Sep 19, 2018

How to fix sudo: sorry, you must have a tty to run sudo

It is most-likely that you are running on a Linux distribution with sudo configured to require a tty. This is generally enforced by having Defaults requiretty in the /etc/sudoers.

To disable requiretty globally or to a single command, you have two options:

Replace Defaults requiretty by Defaults !requiretty in your /etc/sudoers. This will impact your global sudo configuration.

Alternatively, you can change this configuration at a per user, per group or per command basis

Defaults!/path/to/my/bin !requiretty
Defaults:myuser !requiretty

 Connect by ssh using -t options

From man ssh: text -t Force pseudo-tty allocation. This can be used to execute arbitrary screen-based programs on a remote machine, which can be very useful, e.g. when implementing menu services. Multiple -t options force tty allocation, even if ssh has no local tty.

If -t is not enough, you can use  ssh -t -t Or ssh -tt. 

Use the -t or -tt options to ssh which spawns a pseudo-terminal on the remote side, but beware that it has a number of side effects.
-tt is meant for interactive use. It puts the local terminal in raw mode so that you interact with the remote terminal. That means that if ssh I/O is not from/to a terminal, that will have side effects.
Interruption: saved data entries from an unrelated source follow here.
(* length of edge leaving position i: l(v_i,v_{i+1}), with l(v_k,v_{k+1}) := 0 *)
Definition eout (i : nat) : R := if (i < k)%N then len (v i) (v i.+1) else 0.
(* length of edge entering position i: l(v_{i-1},v_i), with l(v_{-1},v_0) := 0 *)
Definition ein (i : nat) : R := if i is j.+1 then eout j else 0.
Definition lpos (i : nat) : R := \sum_(j < i) eout j.
Definition lplus (i : nat) : R := lpos i + eout i / 2.
Definition lminus (i : nat) : R := lpos i - ein i / 2.
Definition lplus2 (i j : nat) : R := lplus j - lplus i.

(* t : nat -> R represents <t_0,...,t_{k-1}> (values at i >= k are irrelevant) *)
Definition is_timing_profile (t : nat -> R) : Prop :=
  [/\ lplus 0 <= t 0%N,
      (forall i : nat, (i.+2 <= k)%N -> t i + lplus2 i i.+1 <= t i.+1)
    & t k.-1 + lplus2 k.-1 k <= 1].

Definition ilen (t t' : R) (I : R * R) : R :=
  Num.max 0 (Num.min t' I.2 - Num.max t I.1).

Definition Rew (Iv : V -> seq (R * R)) (u : V) (t t' : R) : R :=
  \sum_(I <- Iv u) ilen t t' I.

(* extended profile: t_{-1} := 0, t_k := 1 *)
Definition tbefore (t : nat -> R) (i : nat) : R := if i is j.+1 then t j else 0.
Definition tat (t : nat -> R) (i : nat) : R := if (i < k)%N then t i else 1.

Definition reward (Iv : V -> seq (R * R)) (t : nat -> R) : R :=
  \sum_(i < k.+1) Rew Iv (v i) (tbefore t i) (tat t i).

Definition optimal_profile (Iv : V -> seq (R * R)) (t : nat -> R) : Prop :=
  is_timing_profile t /\
  forall t' : nat -> R, is_timing_profile t' -> reward Iv t' <= reward Iv t.

Definition Jset (Iv : V -> seq (R * R)) (i : nat) : seq (R * R) :=
  if i == 0%N then Iv (v 0%N) ++ [:: (lplus 0, lplus 0)]
  else if i == k then Iv (v k) ++ [:: (1 - lplus2 k.-1 k, 1 - lplus2 k.-1 k)]
  else Iv (v i).

Definition inC2 (Iv : V -> seq (R * R)) (a b : nat) (tau : R) : Prop :=
  (exists ts te : R, (ts, te) \in Jset Iv a /\ tau = te) \/
  (exists ts te : R, (ts, te) \in Jset Iv b /\ tau = ts - (lminus b - lplus a)).

Definition inCi (Iv : V -> seq (R * R)) (i : nat) (x : R) : Prop :=
  exists a b : nat, [/\ (a < b)%N, (b <= k)%N &
    exists tau : R, inC2 Iv a b tau /\ x = tau + lplus2 a i].

End TA.

(* Write a timing profile as t_i = l^+(v_i) + d_i: the constraints become
   0 <= d_0 <= ... <= d_(k-1) <= 1 - l^+(v_k).  The reward is a sum of terms
   max(0, min(t_i, e) - max(t_(i-1), s)), piecewise affine in the delays with
   breakpoints in a finite set [grid], and every delay in [grid] yields a
   critical time.  If some delay value c is off the grid, let a < c < b be the
   nearest grid points or delay values around c.  Moving all delays equal to c
   jointly to x in [a, b] keeps the profile feasible, and the reward is convex
   in x there, so moving them to a or to b does not decrease it, while it
   lowers the number of distinct off-grid delays.  Hence every profile is
   dominated by a grid profile, and the best of the finitely many feasible
   grid profiles is optimal. *)

From HB Require Import structures.
From mathcomp Require Import all_boot all_order all_algebra.
From mathcomp Require Import reals boolp.
From mathcomp Require Import ring lra zify.
Import Order.TTheory GRing.Theory Num.Theory.
Local Open Scope ring_scope.

Set Implicit Arguments.
Unset Strict Implicit.

Lemma exists_gap_around disp (T : orderType disp) (s : seq T) (lo c hi : T) :
  lo \in s -> hi \in s -> (lo < c < hi)%O ->
  exists a b, [/\ a \in s, b \in s, (a < c < b)%O &
    forall y, y \in s -> y != c -> (y <= a)%O \/ (b <= y)%O].
Proof.
move=> los his /andP[loc chi].
have [a a_lt a_max] := arg_maxP (fun y : seq_sub s => val y)
  (loc : (fun y : seq_sub s => (val y < c)%O) (SeqSub los)).
have [b b_gt b_min] := arg_minP (fun y : seq_sub s => val y)
  (chi : (fun y : seq_sub s => (c < val y)%O) (SeqSub his)).
exists (val a), (val b); split; rewrite ?ssvalP ?a_lt ?b_gt //.
move=> y ys yc; case: (ltgtP y c) yc => // [ylt|ygt] _.
- by left; apply: (a_max (SeqSub ys)).
- by right; apply: (b_min (SeqSub ys)).
Qed.

Section ChordConvexity.
Variables (R : realFieldType) (a b : R).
For instance, all the input will be echoed back, special terminal characters (^?, ^C, ^U) will cause special processing; on output, LFs will be converted to CRLFs... (see this answer to Why is this binary file being changed? for more details.
To minimise the impact, you could invoke it as:
ssh -tt host 'stty raw -echo; sudo ...' < <(cat)
The < <(cat) will avoid the setting of the local terminal (if any) in raw mode. And we're using stty raw -echo to set the line discipline of the remote terminal as pass through (effectively so it behaves like the pipe that would be used instead of a pseudo-terminal without -tt, though that only applies after that command is run, so you need to delay sending something for input until that happens).
Note that since the output of the remote command will go to a terminal, that will still affect its buffering (which will be line-based for many applications) and bandwidth efficiency since TCP_NODELAY is on. Also with -tt, ssh sets the IPQoS to lowdelay as opposed to throughput. You could work around both with:
ssh -o IPQoS=throughput -tt host 'stty raw -echo; sudo cmd | cat' < <(cat)
Also, note that it means the remote command cannot detect end-of-file on its stdin and the stdout and stderr of the remote command are merged into a single stream.
So, not so good a work around after all.

If you've a got a way to spawn a pseudo-terminal on the remote host (like with expect, zsh, socat, perl's IO::Pty...), then it would be better to use that to create the pseudo-terminal to attach sudo to (but not for I/O), and use ssh without -t.